### Extracted data
(* Let $R$ be a commutative Noetherian ring, $M$ a finitely generated $R$-module, $S$ a subset of $M$, and $F \subseteq \langle S \rangle$ a free $R$-module of rank $i$ such that $M = F \oplus M'$ for some submodule $M' \subseteq M$. Let $S'$ be the projection of $S$ to $M'$ along this internal direct sum. Then for all $\mathfrak{p} \in \mathrm{Spec}(R)$, $\delta_\mathfrak{p}(S',M') = \delta_\mathfrak{p}(S,M) - i$.
   Context: $\langle S\rangle$ denotes the $R$-submodule generated by $S$. For a prime $\mathfrak{p}$, $\delta_\mathfrak{p}(S,M)$ is the largest integer $n \ge 0$ such that there is a free $R_\mathfrak{p}$-submodule $G \subseteq \langle S\rangle_\mathfrak{p}$ of rank $n$ which is a direct summand of $M_\mathfrak{p}$. *)

From HB Require Import structures.
From mathcomp Require Import all_boot all_order all_algebra.
Set Implicit Arguments. Unset Strict Implicit. Unset Printing Implicit Defensive.
Import Order.TTheory GRing.Theory Num.Theory.
Local Open Scope ring_scope.

Definition ideal (R : comPzRingType) (I : R -> Prop) : Prop :=
  I 0 /\ (forall a b, I a -> I b -> I (a + b)) /\ (forall r a, I a -> I (r * a)).

Definition prime_ideal (R : comPzRingType) (p : R -> Prop) : Prop :=
  ideal p /\ ~ p 1 /\ (forall a b, p (a * b) -> p a \/ p b).

Definition noetherian (R : comPzRingType) : Prop :=
  forall I : R -> Prop, ideal I ->
    exists n (g : 'I_n -> R),
      forall a, I a <-> exists r : 'I_n -> R, a = \sum_(k < n) r k * g k.

Section Modules.
Variables (K : pzRingType) (V : lmodType K).

Definition submod (P : V -> Prop) : Prop :=
  P 0 /\ (forall x y, P x -> P y -> P (x + y)) /\ (forall (r : K) x, P x -> P (r *: x)).

Definition gen_sub (S : V -> Prop) : V -> Prop :=
  fun v => exists n (r : 'I_n -> K) (x : 'I_n -> V),
    (forall k, S (x k)) /\ v = \sum_(k < n) r k *: x k.

Definition fin_gen : Prop :=
  exists n (x : 'I_n -> V), forall v, gen_sub (fun y => exists k, y = x k) v.

Definition lin_indep n (b : 'I_n -> V) : Prop :=
  forall r : 'I_n -> K, \sum_(k < n) r k *: b k = 0 -> forall k, r k = 0.

Definition free_of_rank (G : V -> Prop) (n : nat) : Prop :=
  submod G /\
  exists b : 'I_n -> V, (forall k, G (b k)) /\ lin_indep b /\
    (forall v, G v -> exists r : 'I_n -> K, v = \sum_(k < n) r k *: b k).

### Goal of the exercise
Exactly as written, give the line containing "Section Modules." and all remaining lines of the records.

### Written answer
Section Modules.
Variables (K : pzRingType) (V : lmodType K).

Definition submod (P : V -> Prop) : Prop :=
  P 0 /\ (forall x y, P x -> P y -> P (x + y)) /\ (forall (r : K) x, P x -> P (r *: x)).

Definition gen_sub (S : V -> Prop) : V -> Prop :=
  fun v => exists n (r : 'I_n -> K) (x : 'I_n -> V),
    (forall k, S (x k)) /\ v = \sum_(k < n) r k *: x k.

Definition fin_gen : Prop :=
  exists n (x : 'I_n -> V), forall v, gen_sub (fun y => exists k, y = x k) v.

Definition lin_indep n (b : 'I_n -> V) : Prop :=
  forall r : 'I_n -> K, \sum_(k < n) r k *: b k = 0 -> forall k, r k = 0.

Definition free_of_rank (G : V -> Prop) (n : nat) : Prop :=
  submod G /\
  exists b : 'I_n -> V, (forall k, G (b k)) /\ lin_indep b /\
    (forall v, G v -> exists r : 'I_n -> K, v = \sum_(k < n) r k *: b k).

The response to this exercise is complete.